Beryl1 · December 27, 2019, 10:12pm

Hi, @technocrat,

It makes a lot of sense. Looks like the problem is with the factor variables. But for the survival::lung data, I have made a bit of changes in your example. I have added one more variable (factor) to d2 and it seems to be working. So I don't quit understand why it doesn't work with my example and the actual data that i'm working on.

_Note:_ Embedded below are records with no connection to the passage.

Lemma affine_on_interval (f : R -> R) (D : R -> Prop) (a b T : R) :
  0 < T -> a <= b -> (forall s, a <= s <= b -> D s) ->
  (forall s, D s -> continuous_within D f s) ->
  (forall u, a < u < b -> derivable_pt_lim f u (/ T)) ->
  forall s, a <= s <= b -> f s = f a + (s - a) / T.
Proof.
  intros HT Hab HD Hc Hd.
  destruct (Req_dec a b) as [<-|Hne].
  { intros s Hs; replace s with a by lra; field; lra. }
  set (h := fun u => f u - u / T).
  set (m := (a + b) / 2).
  assert (Hmid : forall u, a < u < b -> h u = h m).
  { assert (Hmvt : forall u v, a < u -> u < v -> v < b -> h u = h v).
    { intros u v Hu Huv Hv.
      destruct (MVT_cor2 f (fun _ => / T) u v Huv) as [c [Hfc _]]; [intros; apply Hd; lra|].
      unfold h; replace (f v) with (f u + / T * (v - u)) by lra; field; lra. }
    intros u Hu; destruct (Rtotal_order u m) as [Hlt|[->|Hgt]];
      [apply Hmvt; unfold m in *; lra|reflexivity|symmetry; apply Hmvt; unfold m in *; lra]. }
  assert (Hhc : forall p, D p -> continuous_within D h p).
  { intros p Dp eps Heps; destruct (Hc p Dp (eps / 2)) as [d [Hd0 Hball]]; [lra|].
    exists (Rmin d (eps * T / 2)); split; [apply Rmin_pos; [lra|nra]|].
    intros u Du Hup; pose proof (Rmin_l d (eps * T / 2)); pose proof (Rmin_r d (eps * T / 2)).
    specialize (Hball u Du ltac:(lra)); apply Rabs_def2 in Hball.
    assert (Hdiv : Rabs ((u - p) / T) < eps / 2).
    { unfold Rdiv at 1; rewrite Rabs_mult, Rabs_inv, (Rabs_pos_eq T) by lra.
      apply (Rmult_lt_reg_r T); [lra|]; rewrite Rmult_assoc, Rinv_l by lra; nra. }
    apply Rabs_def2 in Hdiv; apply Rabs_def1; unfold h;
      replace ((u - p) / T) with (u / T - p / T) in Hdiv by (field; lra); lra. }
  assert (Hconst : forall s, a <= s <= b -> h s = h m).
  { intros s Hs; apply eq_of_close; intros eps Heps.
    destruct (continuous_within_closeby D h s (fun v => v = h m) (Hhc s (HD s Hs)))
      with (eps := eps) as [v [-> Hv]]; [|exact Heps|exact Hv].
    intros delta Hdelta; destruct (interior_points_near a b s delta) as [u [Hu Hus]]; try lra.
    exists u; split; [apply HD; lra|split; [exact Hus|apply Hmid, Hu]]. }
  intros s Hs; assert (Hsa : h s = h a) by (rewrite (Hconst a), (Hconst s); lra).
  unfold h in Hsa; field_simplify; [|lra].
  replace (f s) with (f a + s / T - a / T) by lra; field; lra.
Qed.

(* [A k] and [B k] are the timers at the start and at the end of the [k]-th flow interval
   [[sg k, sg (S k)]]; the [k]-th jump is triggered by agent [fire k] with edge set [El k]. *)
Record run (N : nat) (T : R) (r : nat -> R) (El : nat -> nat -> nat -> Prop) (K : nat)
    (sg : nat -> R) (A B : nat -> nat -> R) (fire : nat -> nat) : Prop := {
  run_time_mono : forall k, (k <= K)%nat -> sg k <= sg (S k);
  run_A_range : forall k i, (k <= K)%nat -> (i < N)%nat -> 0 <= A k i <= 1;
  run_B_range : forall k i, (k <= K)%nat -> (i < N)%nat -> 0 <= B k i <= 1;
  run_flow : forall k i, (k <= K)%nat -> (i < N)%nat -> B k i = A k i + (sg (S k) - sg k) / T;
  run_jump : forall k, (k < K)%nat -> jump_by N r (El k) (fire k) (B k) (A (S k)) }.
Arguments run_time_mono {N T r El K sg A B fire}.
Arguments run_A_range {N T r El K sg A B fire}.
Arguments run_B_range {N T r El K sg A B fire}.
Arguments run_flow {N T r El K sg A B fire}.
Arguments run_jump {N T r El K sg A B fire}.

Section SolutionOnGrid.
Variables (N : nat) (T : R) (r : nat -> R) (xi : nat -> nat -> nat -> Prop).
Variables (x : R -> nat -> State) (dom : R -> nat -> Prop) (K : nat) (tt : nat -> R).
Hypothesis HT : 0 < T.
Hypothesis Hsol : is_solution N T r xi x dom.
Hypothesis tt_0 : tt O = 0.
Hypothesis tt_mono : forall k, (k <= K)%nat -> tt k <= tt (S k).
Hypothesis tt_dom : forall k s, (k <= K)%nat -> tt k <= s <= tt (S k) -> dom s k.

Lemma grid_interior (k : nat) (u : R) :
  (k <= K)%nat -> tt k < u < tt (S k) -> interior_pt dom u k.
Proof.
  intros Hk Hu; exists (tt k), (tt (S k)); split; [exact Hu|].
  split; apply tt_dom; auto; lra.
Qed.

Lemma grid_affine (k i : nat) (s : R) :
  (k <= K)%nat -> (i < N)%nat -> tt k <= s <= tt (S k) ->
  fst (x s k) i = fst (x (tt k) k) i + (s - tt k) / T.
Proof.
  intros Hk Hi; destruct Hsol as [_ [_ [_ [Hcont [_ [Hflow _]]]]]].
  apply (affine_on_interval (fun s => fst (x s k) i) (fun s => dom s k)); auto.
  - intros s' Ds'; exact (Hcont k s' Ds' i Hi).
  - intros u Hu; apply (proj2 (Hflow k u (grid_interior k u Hk Hu))), Hi.
Qed.

Lemma grid_end_le_1 (k i : nat) :
  (k <= K)%nat -> (i < N)%nat -> fst (x (tt k) k) i <= 1 -> fst (x (tt (S k)) k) i <= 1.
Proof.
  intros Hk Hi Hstart; pose proof (tt_mono k Hk) as Hle.
  destruct (Req_dec (tt k) (tt (S k))) as [<-|Hne]; [exact Hstart|].
  destruct Hsol as [_ [_ [_ [Hcont [_ [Hflow _]]]]]].
  apply Rle_plus_epsilon; intros eps Heps.
  destruct (continuous_within_closeby (fun s => dom s k) (fun s => fst (x s k) i) (tt (S k))
              (fun v => v <= 1) (Hcont k (tt (S k)) (tt_dom k (tt (S k)) Hk ltac:(lra)) i Hi))
    with (eps := eps) as [v [Hv Hclose]]; [|exact Heps|apply Rabs_def2 in Hclose; lra].
  intros delta Hdelta.
  destruct (interior_points_near (tt k) (tt (S k)) (tt (S k)) delta) as [u [Hu Hclose]]; try lra.
  exists u; split; [apply tt_dom; auto; lra|split; [exact Hclose|]].
  apply (proj1 (Hflow k u (grid_interior k u Hk Hu))), Hi.
Qed.

Lemma grid_lambda (k : nat) : (k <= K)%nat -> snd (x (tt k) k) = (snd (x 0%R O) + k)%nat.
Proof.
  destruct Hsol as [_ [_ [_ [_ [Hlam [_ Hjump]]]]]].
  induction k as [|k IH]; intros Hk; [rewrite tt_0; lia|].
  pose proof (tt_mono k ltac:(lia)); pose proof (tt_mono (S k) Hk).
  assert (D0 : dom (tt k) k) by (apply tt_dom; [lia|lra]).
  assert (D1 : dom (tt (S k)) k) by (apply tt_dom; [lia|lra]).
  destruct (Hjump (tt (S k)) k D1 (tt_dom (S k) (tt (S k)) Hk ltac:(lra))) as [_ [_ ->]].
  rewrite (Hlam k _ (tt k) D1 D0), IH by lia; lia.
Qed.

Lemma grid_jump (k : nat) :
  (k < K)%nat ->
  inD N (x (tt (S k)) k) /\
  exists i, jump_by N r (xi (snd (x 0%R O) + k)%nat) i
              (fst (x (tt (S k)) k)) (fst (x (tt (S k)) (S k))).
Proof.
  intros Hk; pose proof (tt_mono k ltac:(lia)); pose proof (tt_mono (S k) Hk).
  assert (D0 : dom (tt k) k) by (apply tt_dom; [lia|lra]).
  assert (D1 : dom (tt (S k)) k) by (apply tt_dom; [lia|lra]).
  destruct Hsol as [_ [_ [_ [_ [Hlam [_ Hjump]]]]]].
  destruct (Hjump _ _ D1 (tt_dom (S k) (tt (S k)) Hk ltac:(lra))) as [HD [HG _]].
  split; [exact HD|]; apply Gmap_jump_by.
  rewrite (Hlam k _ (tt k) D1 D0), grid_lambda in HG by lia.
  exact HG.
Qed.

Lemma grid_range (k : nat) :
  (k <= K)%nat -> forall i, (i < N)%nat -> 0 <= fst (x (tt k) k) i <= 1.
Proof.
  induction k as [|k IH]; intros Hk i Hi.
  - rewrite tt_0; destruct Hsol as [_ [_ [[Hc|[Hc _]] _]]]; apply Hc, Hi.
  - destruct (grid_jump k Hk) as [[Hc _] [j Hj]].
    exact (jump_by_range N r _ j _ _ Hj Hc i Hi).
Qed.

End SolutionOnGrid.

Lemma solution_run (N : nat) (T : R) (r : nat -> R) (xi : nat -> nat -> nat -> Prop)
    (x : R -> nat -> State) (dom : R -> nat -> Prop) (t : R) (K : nat) :
  0 < T -> is_solution N T r xi x dom -> dom t K ->
  exists sg fire, sg O = 0 /\ sg (S K) = t /\
    run N T r (fun k => xi (snd (x 0%R O) + k)%nat) K sg
      (fun k => fst (x (sg k) k)) (fun k => fst (x (sg (S k)) k)) fire.
Proof.
  intros HT Hsol Hd.
  destruct (proj1 Hsol t K Hd) as [J [tt [tt_0 [Hmono Hiff]]]].
  assert (HK : (K <= J)%nat /\ tt K <= t <= tt (S K)) by (apply Hiff; repeat split; auto; lra).
  assert (Hgrid : forall k s, (k <= K)%nat -> tt k <= s <= tt (S k) -> dom s k /\ s <= t).
  { intros k s Hk Hs; assert (H : (k <= J)%nat /\ tt k <= s <= tt (S k)) by (split; [lia|exact Hs]).
    apply Hiff in H; tauto. }
  assert (tt_mono : forall k, (k <= K)%nat -> tt k <= tt (S k)) by (intros; apply Hmono; lia).
  assert (tt_end : tt (S K) = t).
  { pose proof (tt_mono K (le_n K)).
    pose proof (proj2 (Hgrid K (tt (S K)) (le_n K) ltac:(lra))); lra. }
  assert (tt_dom : forall k s, (k <= K)%nat -> tt k <= s <= tt (S k) -> dom s k)
    by (intros; apply Hgrid; assumption).
  destruct (functional_choice (fun k i => (k < K)%nat ->
              jump_by N r (xi (snd (x 0%R O) + k)%nat) i
                (fst (x (tt (S k)) k)) (fst (x (tt (S k)) (S k))))) as [fire Hfire].
  { intros k; destruct (Nat.lt_ge_cases k K) as [Hk|Hk].
    - destruct (grid_jump N T r xi x dom K tt Hsol tt_0 tt_mono tt_dom k Hk) as [_ [i Hi]].
      exists i; intros; exact Hi.
    - exists O; lia. }
  exists tt, fire; split; [exact tt_0|split; [exact tt_end|]].
  pose proof (grid_range N T r xi x dom K tt Hsol tt_0 tt_mono tt_dom) as Hrange.
  assert (Haff := grid_affine N T r xi x dom K tt HT Hsol tt_mono tt_dom).
  split; auto.
  - intros k i Hk Hi; specialize (Hrange k Hk i Hi); pose proof (tt_mono k Hk).
    rewrite (Haff k i (tt (S k))) by (auto; lra); split.
    + assert (0 <= (tt (S k) - tt k) / T)
        by (apply Rmult_le_pos; [lra|left; apply Rinv_0_lt_compat, HT]); lra.
    + rewrite <- (Haff k i (tt (S k))) by (auto; lra).
      apply (grid_end_le_1 N T r xi x dom K tt Hsol tt_mono tt_dom); auto; lra.
  - intros k i Hk Hi; apply Haff; auto; pose proof (tt_mono k Hk); lra.
Qed.

(** * Stability *)

Lemma run_clustered (N : nat) (T : R) (r : nat -> R) (El : nat -> nat -> nat -> Prop) (K : nat)
    (sg : nat -> R) (A B : nat -> nat -> R) (fire : nat -> nat) (D : R) :
  run N T r El K sg A B fire -> clustered N (A O) D ->
  forall k, (k <= K)%nat -> clustered N (B k) D.
Proof.
  intros Hrun H0 k; induction k as [|k IH]; intros Hk.
  - exact (clustered_shift N _ _ D _ (fun i Hi => run_flow Hrun O i Hk Hi) H0).
  - apply (clustered_shift N (A (S k)) _ D _ (fun i Hi => run_flow Hrun (S k) i Hk Hi)).
    exact (clustered_jump N r _ _ _ _ D (run_jump Hrun k Hk) (IH ltac:(lia))).
Qed.

Lemma class_Kinf_linear (c : R) : 0 < c -> class_Kinf (fun s => c * s).
Proof.
  intros Hc; split; [ring|split; [|split]].
  - intros s Hs eps Heps; exists (eps / c); split; [apply Rdiv_lt_0_compat; assumption|].
    intros s' Hs' Hd; replace (c * s' - c * s) with (c * (s' - s)) by ring.
    rewrite Rabs_mult, (Rabs_pos_eq c) by lra.
    apply (Rmult_lt_reg_r (/ c)); [apply Rinv_0_lt_compat, Hc|].
    replace (c * Rabs (s' - s) * / c) with (Rabs (s' - s)) by (field; lra); exact Hd.
  - intros s1 s2 H1 H2; nra.
  - intros M; exists ((Rabs M + 1) / c); pose proof (Rle_abs M); pose proof (Rabs_pos M); split.
    + apply Rmult_le_pos; [lra|left; apply Rinv_0_lt_compat, Hc].
    + replace (c * ((Rabs M + 1) / c)) with (Rabs M + 1) by (field; lra); lra.
Qed.

(* Jumps and flows both preserve how tightly the timers cluster on the circle [R/Z]. *)
Lemma UGS_holds (N : nat) (T : R) (r : nat -> R) (xi : nat -> nat -> nat -> Prop) :
  0 < T -> UGS N T r xi.
Proof.
  intros HT; pose proof (pos_INR N) as HN.
  exists (fun s => (4 * INR N + 1) * s); split; [apply class_Kinf_linear; lra|].
  intros x dom Hsol t K Hd.
  destruct (solution_run N T r xi x dom t K HT Hsol Hd) as [sg [fire [Hs0 [HsK Hrun]]]].
  set (d := distA N (x 0 O)); pose proof (distA_nonneg N (x 0 O)) as Hd0; fold d in Hd0.
  assert (Hbound : forall eps, 0 < eps -> distA N (x t K) <= INR N * (4 * (d + eps))).
  { intros eps Heps; rewrite <- HsK.
    apply distA_le_clustered; [intros i Hi; exact (run_B_range Hrun K i (le_n K) Hi)|lra|].
    apply (run_clustered _ _ _ _ _ _ _ _ _ _ Hrun); [simpl; rewrite Hs0|lia].
    apply clustered_of_distA, Heps. }
  apply Rle_plus_epsilon; intros e He.
  specialize (Hbound (e / (4 * INR N + 1)) ltac:(apply Rdiv_lt_0_compat; lra)).
  assert (INR N * (4 * (e / (4 * INR N + 1))) <= e).
  { replace (INR N * (4 * (e / (4 * INR N + 1)))) with (e - e / (4 * INR N + 1)) by (field; lra).
    pose proof (Rdiv_lt_0_compat e (4 * INR N + 1) He ltac:(lra)); lra. }
  nra.
Qed.

(** * Synchronization *)

(* A firing timer (value 1) is identified with its reset value 0. *)
Definition wrap (v : R) : R := if Req_dec_T v 1 then 0 else v.

Lemma wrap_1 : wrap 1 = 0.
Proof. unfold wrap; destruct (Req_dec_T 1 1); [reflexivity|contradiction]. Qed.

Lemma wrap_0 : wrap 0 = 0.
Proof. unfold wrap; destruct (Req_dec_T 0 1); reflexivity. Qed.

Lemma wrap_neq_1 (v : R) : v <> 1 -> wrap v = v.
Proof. unfold wrap; destruct (Req_dec_T v 1); [contradiction|reflexivity]. Qed.

Lemma wrap_eq_0 (v : R) : wrap v = 0 -> v = 0 \/ v = 1.
Proof. unfold wrap; destruct (Req_dec_T v 1); auto. Qed.

Definition synced (N : nat) (C : nat -> Prop) (i0 : nat) (tau : nat -> R) : Prop :=
  forall c, (c < N)%nat -> C c -> wrap (tau c) = wrap (tau i0).

Lemma synced_in_As (N : nat) (tau : nat -> R) (i0 : nat) :
  (forall i, (i < N)%nat -> 0 <= tau i <= 1) -> synced N (fun _ => True) i0 tau -> in_As N tau.
Proof.
  intros Hrange Hs.
  destruct (classic (exists c, (c < N)%nat /\ tau c <> 0 /\ tau c <> 1))
    as [[c [Hc [H0 H1]]]|Hno].
  - left; exists (tau c); split; [apply Hrange, Hc|]; intros j Hj.
    assert (Hjc : wrap (tau j) = tau c)
      by (rewrite (Hs j Hj I), <- (Hs c Hc I); apply wrap_neq_1, H1).
    destruct (Req_dec (tau j) 1) as [Hj1|Hj1].
    + rewrite Hj1, wrap_1 in Hjc; symmetry in Hjc; contradiction.
    + now rewrite wrap_neq_1 in Hjc.
  - right; intros i Hi; apply NNPP; intros Hn; apply Hno; exists i; split; [exact Hi|tauto].
Qed.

# simplified to test with actual data quantitative variables
suppressPackageStartupMessages(library(dplyr)) 
library(survival)
library(reprex)
library(simsurv)
library(smcfcs)

# substitute lung data set from survival package
data <- lung
# reduce to simpler form
d2 <- data %>% dplyr::select(time,status,meal.cal,wt.loss,ph.ecog)
d2$ph.ecog<-as.factor(d2$ph.ecog)

# impute the data
mi=smcfcs(originaldata=d2,smtype="coxph",smformula="Surv(time,status) ~  meal.cal + wt.loss+ph.ecog", method=c("","","norm","norm","mlogit"))
#> [1] "Outcome variable(s): time,status"
#> [1] "Passive variables: "
#> [1] "Partially obs. variables: meal.cal,wt.loss,ph.ecog"
#> [1] "Fully obs. substantive model variables: "
#> [1] "Imputation  1"
#> [1] "Imputing:  meal.cal  using  wt.loss,ph.ecog  plus outcome"
#> [1] "Imputing:  wt.loss  using  meal.cal,ph.ecog  plus outcome"
#> [1] "Imputing:  ph.ecog  using  meal.cal,wt.loss  plus outcome"
#> [1] "Imputation  2"
#> [1] "Imputation  3"
#> [1] "Imputation  4"
#> [1] "Imputation  5"
#> Warning in smcfcs.core(originaldata, smtype, smformula, method,
#> predictorMatrix, : Rejection sampling failed 294 times (across all
#> variables, iterations, and imputations). You may want to increase the
#> rejection sampling limit.

^{Created on 2019-12-27 by the reprex package (v0.3.0)}

technocrat · December 28, 2019, 1:43am

Sounds like progress. It's a valuable discovery that ph.ecog, a factor, works with method mlogit. So, the question is why the code that produces a vector of probabilities should include one or more NAs.

I thought at first it might be because the original data was to small, so I tried increasing nrow to 100, from 10, but no difference.

The next possibility that occurs to me is that perhaps there were two few factors. Your lungs adaptation, however, I think also had only three factors?

What's left, I wonder, may be that the factors are random. Could you test that on your data?

Beryl1 · December 28, 2019, 2:01am

Thank you @technocrat for your help. for my data, I have three factor variables each with at least three levels. How do you mean the factors are random? and how can i test that? If they are random, what should I do with them?

technocrat · December 28, 2019, 5:11am

Now the mystery is how your factor distributions differ from those you constructed for lung. I'm still trying to figure out what accounts for the difference. I'm now quite a bit further over my head than when we started.

system · January 18, 2020, 5:11am

This topic was automatically closed 21 days after the last reply. New replies are no longer allowed.